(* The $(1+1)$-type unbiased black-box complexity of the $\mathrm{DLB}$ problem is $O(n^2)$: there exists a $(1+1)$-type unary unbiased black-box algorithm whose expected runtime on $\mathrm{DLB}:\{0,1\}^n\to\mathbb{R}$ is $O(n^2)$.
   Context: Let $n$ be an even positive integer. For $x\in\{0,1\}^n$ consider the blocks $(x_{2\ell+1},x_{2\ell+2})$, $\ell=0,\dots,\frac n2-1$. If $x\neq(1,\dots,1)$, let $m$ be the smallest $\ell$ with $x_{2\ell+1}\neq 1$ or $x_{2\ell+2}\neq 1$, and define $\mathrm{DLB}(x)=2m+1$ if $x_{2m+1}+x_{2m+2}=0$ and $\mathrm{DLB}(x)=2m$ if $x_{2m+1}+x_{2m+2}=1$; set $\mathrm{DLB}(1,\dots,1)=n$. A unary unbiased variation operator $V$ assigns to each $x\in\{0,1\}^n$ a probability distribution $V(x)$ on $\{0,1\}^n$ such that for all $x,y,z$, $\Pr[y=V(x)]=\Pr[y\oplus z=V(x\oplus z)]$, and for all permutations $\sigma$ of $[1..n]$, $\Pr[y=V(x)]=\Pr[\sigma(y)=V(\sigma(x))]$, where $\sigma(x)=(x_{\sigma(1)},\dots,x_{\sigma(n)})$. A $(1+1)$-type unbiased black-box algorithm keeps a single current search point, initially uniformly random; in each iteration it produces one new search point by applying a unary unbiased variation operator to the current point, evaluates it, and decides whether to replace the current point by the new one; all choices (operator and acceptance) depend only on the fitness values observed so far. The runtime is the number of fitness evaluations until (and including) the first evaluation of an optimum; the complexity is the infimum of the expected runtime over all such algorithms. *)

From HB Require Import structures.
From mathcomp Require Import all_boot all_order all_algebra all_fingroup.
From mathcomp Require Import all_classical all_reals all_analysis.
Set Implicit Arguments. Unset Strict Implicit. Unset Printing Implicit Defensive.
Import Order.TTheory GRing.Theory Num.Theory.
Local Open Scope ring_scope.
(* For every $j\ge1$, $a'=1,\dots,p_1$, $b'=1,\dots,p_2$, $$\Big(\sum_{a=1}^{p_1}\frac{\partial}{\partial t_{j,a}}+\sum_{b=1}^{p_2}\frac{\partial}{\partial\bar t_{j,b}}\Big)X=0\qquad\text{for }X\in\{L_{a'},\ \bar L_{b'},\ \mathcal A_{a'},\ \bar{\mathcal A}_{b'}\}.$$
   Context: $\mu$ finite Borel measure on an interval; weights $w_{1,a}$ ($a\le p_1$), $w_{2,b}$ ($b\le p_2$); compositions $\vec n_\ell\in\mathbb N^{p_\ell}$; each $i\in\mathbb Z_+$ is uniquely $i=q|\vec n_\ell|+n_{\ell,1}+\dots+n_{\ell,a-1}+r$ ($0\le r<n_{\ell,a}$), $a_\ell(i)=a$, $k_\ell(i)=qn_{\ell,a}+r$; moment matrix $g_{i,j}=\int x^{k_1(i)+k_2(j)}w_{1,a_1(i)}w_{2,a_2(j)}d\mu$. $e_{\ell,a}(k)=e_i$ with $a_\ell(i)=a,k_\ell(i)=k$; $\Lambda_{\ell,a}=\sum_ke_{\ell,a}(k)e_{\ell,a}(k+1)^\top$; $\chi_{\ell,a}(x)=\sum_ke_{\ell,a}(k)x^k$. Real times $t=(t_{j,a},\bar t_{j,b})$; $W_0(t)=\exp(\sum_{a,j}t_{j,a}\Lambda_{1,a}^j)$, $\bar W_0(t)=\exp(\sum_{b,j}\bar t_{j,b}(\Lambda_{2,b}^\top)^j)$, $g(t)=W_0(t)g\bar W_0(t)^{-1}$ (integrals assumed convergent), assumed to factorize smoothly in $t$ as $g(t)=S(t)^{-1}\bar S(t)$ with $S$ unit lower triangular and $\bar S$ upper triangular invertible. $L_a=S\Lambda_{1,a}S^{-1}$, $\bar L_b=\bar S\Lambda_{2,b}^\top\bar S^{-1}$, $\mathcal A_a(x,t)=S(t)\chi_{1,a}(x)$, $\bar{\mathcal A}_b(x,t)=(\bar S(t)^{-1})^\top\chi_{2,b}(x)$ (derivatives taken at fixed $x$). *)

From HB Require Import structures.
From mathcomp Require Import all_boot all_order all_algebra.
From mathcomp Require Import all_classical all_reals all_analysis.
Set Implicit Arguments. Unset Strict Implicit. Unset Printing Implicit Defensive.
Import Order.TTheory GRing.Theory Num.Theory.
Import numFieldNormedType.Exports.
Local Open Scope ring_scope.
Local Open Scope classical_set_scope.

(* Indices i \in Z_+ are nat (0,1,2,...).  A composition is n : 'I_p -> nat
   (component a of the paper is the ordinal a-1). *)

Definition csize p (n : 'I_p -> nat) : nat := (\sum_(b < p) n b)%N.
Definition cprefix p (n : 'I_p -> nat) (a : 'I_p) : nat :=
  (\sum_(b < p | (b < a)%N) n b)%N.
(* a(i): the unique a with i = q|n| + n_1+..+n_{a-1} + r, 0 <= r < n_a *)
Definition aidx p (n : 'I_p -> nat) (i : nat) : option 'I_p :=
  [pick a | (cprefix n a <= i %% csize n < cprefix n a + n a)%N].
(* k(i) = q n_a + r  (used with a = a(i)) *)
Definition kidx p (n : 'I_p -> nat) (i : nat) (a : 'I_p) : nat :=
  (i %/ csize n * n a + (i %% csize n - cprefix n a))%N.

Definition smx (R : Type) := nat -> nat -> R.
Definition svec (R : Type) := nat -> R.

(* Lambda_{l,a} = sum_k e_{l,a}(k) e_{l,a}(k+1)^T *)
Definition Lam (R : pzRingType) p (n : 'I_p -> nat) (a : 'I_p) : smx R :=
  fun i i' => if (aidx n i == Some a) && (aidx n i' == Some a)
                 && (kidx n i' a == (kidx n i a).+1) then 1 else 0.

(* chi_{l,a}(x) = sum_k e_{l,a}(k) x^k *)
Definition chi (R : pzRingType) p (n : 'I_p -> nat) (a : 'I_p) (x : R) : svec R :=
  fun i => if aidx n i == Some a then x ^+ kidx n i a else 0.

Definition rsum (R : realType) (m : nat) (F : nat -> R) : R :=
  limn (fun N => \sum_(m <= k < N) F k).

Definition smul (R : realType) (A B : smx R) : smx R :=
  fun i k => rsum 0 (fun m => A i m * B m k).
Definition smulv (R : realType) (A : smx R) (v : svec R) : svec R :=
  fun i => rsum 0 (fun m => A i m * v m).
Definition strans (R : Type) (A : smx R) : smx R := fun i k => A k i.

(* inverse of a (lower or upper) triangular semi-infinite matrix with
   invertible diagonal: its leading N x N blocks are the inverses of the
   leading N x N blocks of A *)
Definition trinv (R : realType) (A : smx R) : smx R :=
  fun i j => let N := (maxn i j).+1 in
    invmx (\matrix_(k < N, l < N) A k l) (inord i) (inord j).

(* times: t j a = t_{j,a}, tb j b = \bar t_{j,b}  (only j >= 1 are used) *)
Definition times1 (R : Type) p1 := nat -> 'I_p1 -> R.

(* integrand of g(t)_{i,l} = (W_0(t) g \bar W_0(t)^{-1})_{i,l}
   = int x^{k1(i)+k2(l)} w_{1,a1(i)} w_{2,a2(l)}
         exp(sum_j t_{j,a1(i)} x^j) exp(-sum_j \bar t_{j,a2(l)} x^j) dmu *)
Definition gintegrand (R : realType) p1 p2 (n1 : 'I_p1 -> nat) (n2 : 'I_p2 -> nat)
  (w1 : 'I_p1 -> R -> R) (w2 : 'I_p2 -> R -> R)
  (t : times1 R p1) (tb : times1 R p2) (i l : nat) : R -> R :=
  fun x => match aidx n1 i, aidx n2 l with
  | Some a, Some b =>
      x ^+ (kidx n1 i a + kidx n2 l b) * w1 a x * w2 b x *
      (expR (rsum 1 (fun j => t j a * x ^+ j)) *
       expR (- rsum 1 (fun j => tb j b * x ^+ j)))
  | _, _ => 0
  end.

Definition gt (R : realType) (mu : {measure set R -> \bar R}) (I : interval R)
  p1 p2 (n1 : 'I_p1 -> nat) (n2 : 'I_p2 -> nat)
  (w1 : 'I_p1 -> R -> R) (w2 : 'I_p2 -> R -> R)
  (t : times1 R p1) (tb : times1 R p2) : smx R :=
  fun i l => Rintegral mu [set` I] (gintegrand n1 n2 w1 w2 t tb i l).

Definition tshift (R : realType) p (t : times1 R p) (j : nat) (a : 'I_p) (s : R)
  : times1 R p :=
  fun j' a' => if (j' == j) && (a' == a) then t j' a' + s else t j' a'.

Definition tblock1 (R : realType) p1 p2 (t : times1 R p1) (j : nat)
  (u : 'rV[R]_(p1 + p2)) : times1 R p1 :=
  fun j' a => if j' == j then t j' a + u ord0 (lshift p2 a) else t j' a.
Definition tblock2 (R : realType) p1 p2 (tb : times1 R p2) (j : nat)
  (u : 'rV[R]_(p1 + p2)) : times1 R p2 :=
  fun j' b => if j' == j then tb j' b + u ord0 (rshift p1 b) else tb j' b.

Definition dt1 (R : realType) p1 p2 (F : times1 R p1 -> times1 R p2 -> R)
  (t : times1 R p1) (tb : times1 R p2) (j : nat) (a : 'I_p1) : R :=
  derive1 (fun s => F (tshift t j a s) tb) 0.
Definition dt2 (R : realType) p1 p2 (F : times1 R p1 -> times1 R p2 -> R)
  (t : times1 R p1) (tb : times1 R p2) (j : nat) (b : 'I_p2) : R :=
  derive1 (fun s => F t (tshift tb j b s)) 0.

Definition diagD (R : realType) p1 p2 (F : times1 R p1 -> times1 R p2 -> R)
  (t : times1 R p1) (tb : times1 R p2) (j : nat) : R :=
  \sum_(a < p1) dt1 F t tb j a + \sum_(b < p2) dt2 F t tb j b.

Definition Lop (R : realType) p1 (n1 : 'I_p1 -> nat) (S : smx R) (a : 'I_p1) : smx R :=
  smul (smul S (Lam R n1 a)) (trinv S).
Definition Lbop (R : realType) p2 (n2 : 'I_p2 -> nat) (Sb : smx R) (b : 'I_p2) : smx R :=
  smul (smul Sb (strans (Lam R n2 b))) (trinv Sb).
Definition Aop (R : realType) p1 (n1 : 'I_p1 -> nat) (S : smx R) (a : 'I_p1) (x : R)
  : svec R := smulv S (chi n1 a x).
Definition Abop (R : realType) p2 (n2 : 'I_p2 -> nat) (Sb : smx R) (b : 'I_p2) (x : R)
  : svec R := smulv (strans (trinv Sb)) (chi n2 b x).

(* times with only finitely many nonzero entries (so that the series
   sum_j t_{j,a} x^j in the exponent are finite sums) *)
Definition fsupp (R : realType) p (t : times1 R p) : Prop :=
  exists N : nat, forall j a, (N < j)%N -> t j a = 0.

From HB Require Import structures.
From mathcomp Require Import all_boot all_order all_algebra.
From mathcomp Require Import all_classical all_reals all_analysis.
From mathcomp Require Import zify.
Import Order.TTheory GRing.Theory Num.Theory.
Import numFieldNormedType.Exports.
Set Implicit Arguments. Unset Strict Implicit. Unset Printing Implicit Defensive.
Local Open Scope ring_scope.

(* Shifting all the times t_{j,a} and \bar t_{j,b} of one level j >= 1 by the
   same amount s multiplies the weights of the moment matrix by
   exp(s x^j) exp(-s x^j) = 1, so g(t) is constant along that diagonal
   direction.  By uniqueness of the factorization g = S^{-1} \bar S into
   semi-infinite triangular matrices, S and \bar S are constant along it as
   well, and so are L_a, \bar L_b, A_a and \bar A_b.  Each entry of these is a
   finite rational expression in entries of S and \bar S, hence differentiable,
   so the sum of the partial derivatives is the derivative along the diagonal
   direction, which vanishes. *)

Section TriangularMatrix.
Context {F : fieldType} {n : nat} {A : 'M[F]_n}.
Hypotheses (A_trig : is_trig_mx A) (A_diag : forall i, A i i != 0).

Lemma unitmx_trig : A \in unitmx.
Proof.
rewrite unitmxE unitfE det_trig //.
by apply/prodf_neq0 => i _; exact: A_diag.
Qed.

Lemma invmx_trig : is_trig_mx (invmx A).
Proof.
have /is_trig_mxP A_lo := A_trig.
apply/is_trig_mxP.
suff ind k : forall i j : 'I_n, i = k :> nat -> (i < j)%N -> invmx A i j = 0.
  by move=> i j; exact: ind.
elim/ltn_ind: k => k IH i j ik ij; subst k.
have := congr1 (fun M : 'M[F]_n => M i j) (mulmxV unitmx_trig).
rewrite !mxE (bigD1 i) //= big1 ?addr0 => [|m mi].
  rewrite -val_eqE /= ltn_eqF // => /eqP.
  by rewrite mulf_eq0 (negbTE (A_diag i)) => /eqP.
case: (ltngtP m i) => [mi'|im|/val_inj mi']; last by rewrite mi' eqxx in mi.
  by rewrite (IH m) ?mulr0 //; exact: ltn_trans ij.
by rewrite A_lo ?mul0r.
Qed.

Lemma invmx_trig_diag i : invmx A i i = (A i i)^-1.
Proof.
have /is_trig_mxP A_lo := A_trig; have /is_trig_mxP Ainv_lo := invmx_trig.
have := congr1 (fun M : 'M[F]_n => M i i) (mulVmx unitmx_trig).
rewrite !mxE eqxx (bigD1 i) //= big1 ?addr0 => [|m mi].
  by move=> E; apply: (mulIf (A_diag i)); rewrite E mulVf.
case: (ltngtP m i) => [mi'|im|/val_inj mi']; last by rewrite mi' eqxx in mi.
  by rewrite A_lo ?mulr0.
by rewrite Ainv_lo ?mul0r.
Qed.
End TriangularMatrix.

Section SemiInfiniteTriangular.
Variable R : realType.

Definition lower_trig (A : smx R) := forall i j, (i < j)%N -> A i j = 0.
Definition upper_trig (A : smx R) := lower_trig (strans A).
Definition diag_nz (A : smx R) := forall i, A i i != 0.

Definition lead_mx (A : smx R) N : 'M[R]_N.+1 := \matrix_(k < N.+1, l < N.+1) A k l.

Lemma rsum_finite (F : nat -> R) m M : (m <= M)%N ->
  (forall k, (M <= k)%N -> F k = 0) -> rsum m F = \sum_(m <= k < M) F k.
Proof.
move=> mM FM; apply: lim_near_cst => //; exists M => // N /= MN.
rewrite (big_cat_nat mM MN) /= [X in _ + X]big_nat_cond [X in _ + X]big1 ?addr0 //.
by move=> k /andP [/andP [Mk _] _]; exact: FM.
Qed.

━━━━━━━━━━━━━━━━━━━━━━━━━━━━━━

**WHAT THE TASK REQUIRES**
Reproduce verbatim the lines above, from the line with "same amount s" through the line with "have := congr1 (fun M : 'M[F]_n => M i i)".

**SOLVED PROBLEM**
   same amount s multiplies the weights of the moment matrix by
   exp(s x^j) exp(-s x^j) = 1, so g(t) is constant along that diagonal
   direction.  By uniqueness of the factorization g = S^{-1} \bar S into
   semi-infinite triangular matrices, S and \bar S are constant along it as
   well, and so are L_a, \bar L_b, A_a and \bar A_b.  Each entry of these is a
   finite rational expression in entries of S and \bar S, hence differentiable,
   so the sum of the partial derivatives is the derivative along the diagonal
   direction, which vanishes. *)

Section TriangularMatrix.
Context {F : fieldType} {n : nat} {A : 'M[F]_n}.
Hypotheses (A_trig : is_trig_mx A) (A_diag : forall i, A i i != 0).

Lemma unitmx_trig : A \in unitmx.
Proof.
rewrite unitmxE unitfE det_trig //.
by apply/prodf_neq0 => i _; exact: A_diag.
Qed.

Lemma invmx_trig : is_trig_mx (invmx A).
Proof.
have /is_trig_mxP A_lo := A_trig.
apply/is_trig_mxP.
suff ind k : forall i j : 'I_n, i = k :> nat -> (i < j)%N -> invmx A i j = 0.
  by move=> i j; exact: ind.
elim/ltn_ind: k => k IH i j ik ij; subst k.
have := congr1 (fun M : 'M[F]_n => M i j) (mulmxV unitmx_trig).
rewrite !mxE (bigD1 i) //= big1 ?addr0 => [|m mi].
  rewrite -val_eqE /= ltn_eqF // => /eqP.
  by rewrite mulf_eq0 (negbTE (A_diag i)) => /eqP.
case: (ltngtP m i) => [mi'|im|/val_inj mi']; last by rewrite mi' eqxx in mi.
  by rewrite (IH m) ?mulr0 //; exact: ltn_trans ij.
by rewrite A_lo ?mul0r.
Qed.

Lemma invmx_trig_diag i : invmx A i i = (A i i)^-1.
Proof.
have /is_trig_mxP A_lo := A_trig; have /is_trig_mxP Ainv_lo := invmx_trig.
have := congr1 (fun M : 'M[F]_n => M i i) (mulVmx unitmx_trig).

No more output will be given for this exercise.